Data items:
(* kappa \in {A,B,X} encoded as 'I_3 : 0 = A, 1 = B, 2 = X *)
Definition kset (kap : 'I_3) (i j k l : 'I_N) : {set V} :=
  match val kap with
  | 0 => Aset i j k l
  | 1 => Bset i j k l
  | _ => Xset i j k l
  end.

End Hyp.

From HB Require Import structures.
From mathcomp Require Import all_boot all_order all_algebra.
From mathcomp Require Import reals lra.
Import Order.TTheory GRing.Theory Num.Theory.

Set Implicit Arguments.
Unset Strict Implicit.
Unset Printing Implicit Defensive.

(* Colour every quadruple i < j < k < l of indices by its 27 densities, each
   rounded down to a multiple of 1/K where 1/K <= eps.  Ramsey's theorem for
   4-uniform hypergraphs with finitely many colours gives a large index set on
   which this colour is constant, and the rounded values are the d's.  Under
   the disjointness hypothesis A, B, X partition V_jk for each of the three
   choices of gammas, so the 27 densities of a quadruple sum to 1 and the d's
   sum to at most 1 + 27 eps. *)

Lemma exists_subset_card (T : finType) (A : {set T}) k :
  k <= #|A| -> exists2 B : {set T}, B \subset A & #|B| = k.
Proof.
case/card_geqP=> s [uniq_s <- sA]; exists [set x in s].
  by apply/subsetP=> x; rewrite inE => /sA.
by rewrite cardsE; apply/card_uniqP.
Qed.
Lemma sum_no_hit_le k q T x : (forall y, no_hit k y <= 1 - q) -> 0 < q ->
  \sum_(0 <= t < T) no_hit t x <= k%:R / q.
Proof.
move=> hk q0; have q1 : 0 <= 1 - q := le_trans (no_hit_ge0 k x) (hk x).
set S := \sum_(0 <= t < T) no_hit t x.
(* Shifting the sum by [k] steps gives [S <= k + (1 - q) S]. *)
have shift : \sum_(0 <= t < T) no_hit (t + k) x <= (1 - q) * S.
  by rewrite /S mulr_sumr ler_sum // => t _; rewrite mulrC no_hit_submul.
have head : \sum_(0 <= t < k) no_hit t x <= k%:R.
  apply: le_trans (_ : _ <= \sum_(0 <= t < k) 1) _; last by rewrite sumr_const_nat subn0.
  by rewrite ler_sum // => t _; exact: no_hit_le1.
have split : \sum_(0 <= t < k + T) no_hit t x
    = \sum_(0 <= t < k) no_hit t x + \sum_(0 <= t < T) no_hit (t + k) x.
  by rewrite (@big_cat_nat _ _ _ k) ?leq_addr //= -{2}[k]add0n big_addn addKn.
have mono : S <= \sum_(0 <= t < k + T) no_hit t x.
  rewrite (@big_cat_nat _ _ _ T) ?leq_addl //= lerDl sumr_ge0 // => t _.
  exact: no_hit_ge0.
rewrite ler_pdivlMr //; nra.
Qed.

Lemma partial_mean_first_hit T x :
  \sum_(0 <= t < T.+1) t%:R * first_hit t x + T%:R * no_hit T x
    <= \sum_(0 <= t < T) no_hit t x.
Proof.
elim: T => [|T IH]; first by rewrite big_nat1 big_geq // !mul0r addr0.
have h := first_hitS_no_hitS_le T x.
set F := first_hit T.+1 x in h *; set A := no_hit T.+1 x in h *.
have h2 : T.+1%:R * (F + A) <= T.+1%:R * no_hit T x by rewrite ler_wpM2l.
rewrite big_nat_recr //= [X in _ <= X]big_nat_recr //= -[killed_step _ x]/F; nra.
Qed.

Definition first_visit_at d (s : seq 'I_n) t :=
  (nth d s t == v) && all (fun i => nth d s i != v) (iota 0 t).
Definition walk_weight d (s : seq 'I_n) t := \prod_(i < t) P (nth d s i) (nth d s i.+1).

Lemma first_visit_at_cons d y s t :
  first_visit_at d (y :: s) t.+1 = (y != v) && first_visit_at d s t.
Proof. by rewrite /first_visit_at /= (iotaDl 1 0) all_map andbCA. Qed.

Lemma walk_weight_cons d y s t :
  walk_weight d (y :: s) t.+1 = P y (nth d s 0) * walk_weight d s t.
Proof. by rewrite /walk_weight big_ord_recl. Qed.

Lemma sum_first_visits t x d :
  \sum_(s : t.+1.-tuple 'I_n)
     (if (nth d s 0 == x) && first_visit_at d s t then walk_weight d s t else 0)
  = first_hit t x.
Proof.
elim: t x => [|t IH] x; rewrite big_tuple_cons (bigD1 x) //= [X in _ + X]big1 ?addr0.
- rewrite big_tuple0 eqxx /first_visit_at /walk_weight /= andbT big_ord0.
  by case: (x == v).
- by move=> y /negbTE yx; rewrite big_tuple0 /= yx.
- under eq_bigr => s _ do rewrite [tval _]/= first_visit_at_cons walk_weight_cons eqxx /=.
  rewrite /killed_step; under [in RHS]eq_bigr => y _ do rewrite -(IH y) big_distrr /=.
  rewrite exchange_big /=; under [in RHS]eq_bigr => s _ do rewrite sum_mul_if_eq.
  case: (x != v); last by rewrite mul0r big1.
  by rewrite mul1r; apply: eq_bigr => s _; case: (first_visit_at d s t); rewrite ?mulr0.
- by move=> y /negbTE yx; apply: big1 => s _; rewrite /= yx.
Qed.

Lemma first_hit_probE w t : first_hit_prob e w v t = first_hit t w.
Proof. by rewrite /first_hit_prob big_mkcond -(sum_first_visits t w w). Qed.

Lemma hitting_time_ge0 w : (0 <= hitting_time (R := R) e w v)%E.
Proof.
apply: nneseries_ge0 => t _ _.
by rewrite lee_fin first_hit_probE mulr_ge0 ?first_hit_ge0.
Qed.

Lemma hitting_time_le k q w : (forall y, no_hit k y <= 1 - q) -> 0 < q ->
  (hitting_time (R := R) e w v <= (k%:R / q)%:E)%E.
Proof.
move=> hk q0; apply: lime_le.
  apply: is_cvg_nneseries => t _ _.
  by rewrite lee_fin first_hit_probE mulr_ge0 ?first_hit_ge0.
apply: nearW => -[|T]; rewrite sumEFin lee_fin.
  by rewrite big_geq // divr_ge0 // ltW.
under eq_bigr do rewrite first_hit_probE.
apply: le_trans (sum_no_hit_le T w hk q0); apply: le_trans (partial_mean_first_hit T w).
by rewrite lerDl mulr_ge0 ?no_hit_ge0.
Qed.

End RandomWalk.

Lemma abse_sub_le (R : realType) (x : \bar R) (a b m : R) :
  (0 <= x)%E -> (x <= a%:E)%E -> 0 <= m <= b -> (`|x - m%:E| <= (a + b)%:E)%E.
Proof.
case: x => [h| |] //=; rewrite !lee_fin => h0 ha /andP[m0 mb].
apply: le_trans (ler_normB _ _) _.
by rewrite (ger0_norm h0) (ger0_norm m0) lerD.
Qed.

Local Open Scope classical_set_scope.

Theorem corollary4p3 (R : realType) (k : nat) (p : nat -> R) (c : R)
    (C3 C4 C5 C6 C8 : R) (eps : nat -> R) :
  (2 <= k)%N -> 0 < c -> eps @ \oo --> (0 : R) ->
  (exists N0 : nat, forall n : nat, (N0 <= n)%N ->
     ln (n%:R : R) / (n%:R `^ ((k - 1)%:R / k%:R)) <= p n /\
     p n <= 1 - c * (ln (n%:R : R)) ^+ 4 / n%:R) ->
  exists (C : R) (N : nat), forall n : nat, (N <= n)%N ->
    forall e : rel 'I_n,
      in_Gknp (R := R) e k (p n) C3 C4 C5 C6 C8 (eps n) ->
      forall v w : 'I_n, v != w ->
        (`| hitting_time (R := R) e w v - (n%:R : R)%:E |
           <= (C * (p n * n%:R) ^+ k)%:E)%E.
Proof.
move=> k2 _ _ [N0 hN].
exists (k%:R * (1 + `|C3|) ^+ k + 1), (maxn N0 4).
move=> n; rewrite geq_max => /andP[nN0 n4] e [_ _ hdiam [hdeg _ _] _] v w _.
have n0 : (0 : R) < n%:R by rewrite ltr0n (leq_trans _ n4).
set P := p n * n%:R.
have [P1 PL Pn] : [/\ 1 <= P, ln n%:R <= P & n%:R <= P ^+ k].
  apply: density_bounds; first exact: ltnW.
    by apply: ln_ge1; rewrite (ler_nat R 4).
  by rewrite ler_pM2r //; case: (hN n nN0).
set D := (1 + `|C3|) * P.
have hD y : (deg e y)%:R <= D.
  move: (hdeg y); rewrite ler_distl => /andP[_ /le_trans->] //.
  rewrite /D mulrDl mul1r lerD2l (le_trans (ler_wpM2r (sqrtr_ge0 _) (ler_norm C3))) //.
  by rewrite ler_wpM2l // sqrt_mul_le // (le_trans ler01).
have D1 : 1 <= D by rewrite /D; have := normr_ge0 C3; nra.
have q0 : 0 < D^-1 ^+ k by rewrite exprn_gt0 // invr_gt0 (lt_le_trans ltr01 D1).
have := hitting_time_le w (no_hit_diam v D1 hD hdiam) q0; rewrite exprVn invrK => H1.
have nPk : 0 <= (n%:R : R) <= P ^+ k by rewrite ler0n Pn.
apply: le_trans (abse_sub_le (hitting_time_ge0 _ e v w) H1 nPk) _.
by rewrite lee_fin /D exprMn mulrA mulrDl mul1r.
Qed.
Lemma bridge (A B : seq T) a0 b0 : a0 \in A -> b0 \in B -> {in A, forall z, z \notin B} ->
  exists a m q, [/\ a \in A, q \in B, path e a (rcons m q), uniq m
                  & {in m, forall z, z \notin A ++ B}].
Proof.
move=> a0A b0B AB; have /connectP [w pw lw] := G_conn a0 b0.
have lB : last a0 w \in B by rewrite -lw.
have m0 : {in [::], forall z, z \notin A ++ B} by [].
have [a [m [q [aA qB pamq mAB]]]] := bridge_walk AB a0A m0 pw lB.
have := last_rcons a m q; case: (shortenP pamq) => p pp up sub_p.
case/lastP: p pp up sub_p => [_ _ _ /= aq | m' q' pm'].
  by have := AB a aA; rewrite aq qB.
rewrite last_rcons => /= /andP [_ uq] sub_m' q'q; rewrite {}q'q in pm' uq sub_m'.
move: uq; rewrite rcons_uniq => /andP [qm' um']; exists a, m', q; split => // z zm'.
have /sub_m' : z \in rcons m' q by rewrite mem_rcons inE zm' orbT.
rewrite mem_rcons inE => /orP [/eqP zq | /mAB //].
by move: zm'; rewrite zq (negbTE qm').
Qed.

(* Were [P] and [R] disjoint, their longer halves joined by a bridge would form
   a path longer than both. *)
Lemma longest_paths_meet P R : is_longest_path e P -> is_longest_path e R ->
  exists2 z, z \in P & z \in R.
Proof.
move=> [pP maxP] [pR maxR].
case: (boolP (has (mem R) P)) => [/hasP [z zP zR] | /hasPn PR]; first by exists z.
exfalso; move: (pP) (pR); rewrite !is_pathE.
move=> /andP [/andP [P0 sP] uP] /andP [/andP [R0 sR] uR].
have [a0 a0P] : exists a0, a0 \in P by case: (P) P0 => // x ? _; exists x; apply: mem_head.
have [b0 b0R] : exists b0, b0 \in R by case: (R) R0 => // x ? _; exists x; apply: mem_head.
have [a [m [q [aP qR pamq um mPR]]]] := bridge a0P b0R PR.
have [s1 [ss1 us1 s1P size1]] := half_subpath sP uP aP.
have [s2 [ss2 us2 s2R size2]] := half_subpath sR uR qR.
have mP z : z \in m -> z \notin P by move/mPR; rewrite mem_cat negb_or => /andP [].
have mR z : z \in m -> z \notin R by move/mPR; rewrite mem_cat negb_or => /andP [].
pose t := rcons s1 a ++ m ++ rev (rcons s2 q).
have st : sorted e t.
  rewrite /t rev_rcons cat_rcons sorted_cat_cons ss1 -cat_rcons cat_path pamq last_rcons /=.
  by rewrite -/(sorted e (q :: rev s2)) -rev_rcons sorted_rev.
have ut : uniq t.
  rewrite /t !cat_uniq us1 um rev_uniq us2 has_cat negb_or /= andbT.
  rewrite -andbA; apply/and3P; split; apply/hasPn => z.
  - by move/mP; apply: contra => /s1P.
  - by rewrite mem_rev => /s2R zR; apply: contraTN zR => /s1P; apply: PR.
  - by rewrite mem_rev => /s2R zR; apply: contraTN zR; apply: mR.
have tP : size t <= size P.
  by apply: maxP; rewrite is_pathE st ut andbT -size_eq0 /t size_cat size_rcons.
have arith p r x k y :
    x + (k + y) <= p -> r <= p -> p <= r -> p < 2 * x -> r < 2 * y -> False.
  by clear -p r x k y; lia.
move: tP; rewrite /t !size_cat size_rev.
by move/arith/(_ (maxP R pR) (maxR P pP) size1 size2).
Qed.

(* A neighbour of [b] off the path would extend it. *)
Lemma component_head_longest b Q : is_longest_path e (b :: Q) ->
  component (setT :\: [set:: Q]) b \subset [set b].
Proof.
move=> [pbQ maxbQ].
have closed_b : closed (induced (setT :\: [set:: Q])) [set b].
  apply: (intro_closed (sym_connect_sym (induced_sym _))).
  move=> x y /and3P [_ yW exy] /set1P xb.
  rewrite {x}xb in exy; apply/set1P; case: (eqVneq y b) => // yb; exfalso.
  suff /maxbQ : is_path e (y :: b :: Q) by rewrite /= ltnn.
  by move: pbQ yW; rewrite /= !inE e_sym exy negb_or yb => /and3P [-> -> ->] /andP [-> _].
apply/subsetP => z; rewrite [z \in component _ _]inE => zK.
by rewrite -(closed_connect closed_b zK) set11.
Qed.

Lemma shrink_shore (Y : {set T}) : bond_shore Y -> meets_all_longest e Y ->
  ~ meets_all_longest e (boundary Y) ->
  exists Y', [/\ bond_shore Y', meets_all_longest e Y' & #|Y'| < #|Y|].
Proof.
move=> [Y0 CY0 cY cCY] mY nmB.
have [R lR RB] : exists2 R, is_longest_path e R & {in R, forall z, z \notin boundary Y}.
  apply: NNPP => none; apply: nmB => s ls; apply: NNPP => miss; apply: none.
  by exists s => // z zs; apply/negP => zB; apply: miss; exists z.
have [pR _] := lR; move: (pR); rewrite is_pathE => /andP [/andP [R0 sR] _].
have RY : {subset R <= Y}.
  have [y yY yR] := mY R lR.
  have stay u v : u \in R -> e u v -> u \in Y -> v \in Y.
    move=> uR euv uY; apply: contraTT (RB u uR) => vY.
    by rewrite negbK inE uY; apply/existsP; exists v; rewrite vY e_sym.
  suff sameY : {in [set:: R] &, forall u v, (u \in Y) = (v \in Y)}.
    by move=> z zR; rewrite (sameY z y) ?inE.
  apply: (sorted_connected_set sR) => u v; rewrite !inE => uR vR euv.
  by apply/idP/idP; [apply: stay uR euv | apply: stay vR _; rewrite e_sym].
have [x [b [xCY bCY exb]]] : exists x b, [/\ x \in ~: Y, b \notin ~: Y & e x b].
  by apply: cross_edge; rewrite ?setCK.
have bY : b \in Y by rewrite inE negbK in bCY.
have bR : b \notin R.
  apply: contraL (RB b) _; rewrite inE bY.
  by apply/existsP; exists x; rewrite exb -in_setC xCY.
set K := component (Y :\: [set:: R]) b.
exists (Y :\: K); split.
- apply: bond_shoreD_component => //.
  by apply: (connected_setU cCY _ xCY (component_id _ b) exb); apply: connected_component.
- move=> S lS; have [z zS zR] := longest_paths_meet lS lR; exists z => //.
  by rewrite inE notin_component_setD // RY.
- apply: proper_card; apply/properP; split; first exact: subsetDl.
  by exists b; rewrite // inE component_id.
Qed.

WHAT IS EXPECTED: What you return should be exactly the lines above, starting at the one with "by move: zm'; rewrite zq (negbTE qm')." and ending at the one with "rewrite /t rev_rcons", and nothing else.

SOLUTION TO THIS TASK:
by move: zm'; rewrite zq (negbTE qm').
Qed.

(* Were [P] and [R] disjoint, their longer halves joined by a bridge would form
   a path longer than both. *)
Lemma longest_paths_meet P R : is_longest_path e P -> is_longest_path e R ->
  exists2 z, z \in P & z \in R.
Proof.
move=> [pP maxP] [pR maxR].
case: (boolP (has (mem R) P)) => [/hasP [z zP zR] | /hasPn PR]; first by exists z.
exfalso; move: (pP) (pR); rewrite !is_pathE.
move=> /andP [/andP [P0 sP] uP] /andP [/andP [R0 sR] uR].
have [a0 a0P] : exists a0, a0 \in P by case: (P) P0 => // x ? _; exists x; apply: mem_head.
have [b0 b0R] : exists b0, b0 \in R by case: (R) R0 => // x ? _; exists x; apply: mem_head.
have [a [m [q [aP qR pamq um mPR]]]] := bridge a0P b0R PR.
have [s1 [ss1 us1 s1P size1]] := half_subpath sP uP aP.
have [s2 [ss2 us2 s2R size2]] := half_subpath sR uR qR.
have mP z : z \in m -> z \notin P by move/mPR; rewrite mem_cat negb_or => /andP [].
have mR z : z \in m -> z \notin R by move/mPR; rewrite mem_cat negb_or => /andP [].
pose t := rcons s1 a ++ m ++ rev (rcons s2 q).
have st : sorted e t.
  rewrite /t rev_rcons cat_rcons sorted_cat_cons ss1 -cat_rcons cat_path pamq last_rcons /=.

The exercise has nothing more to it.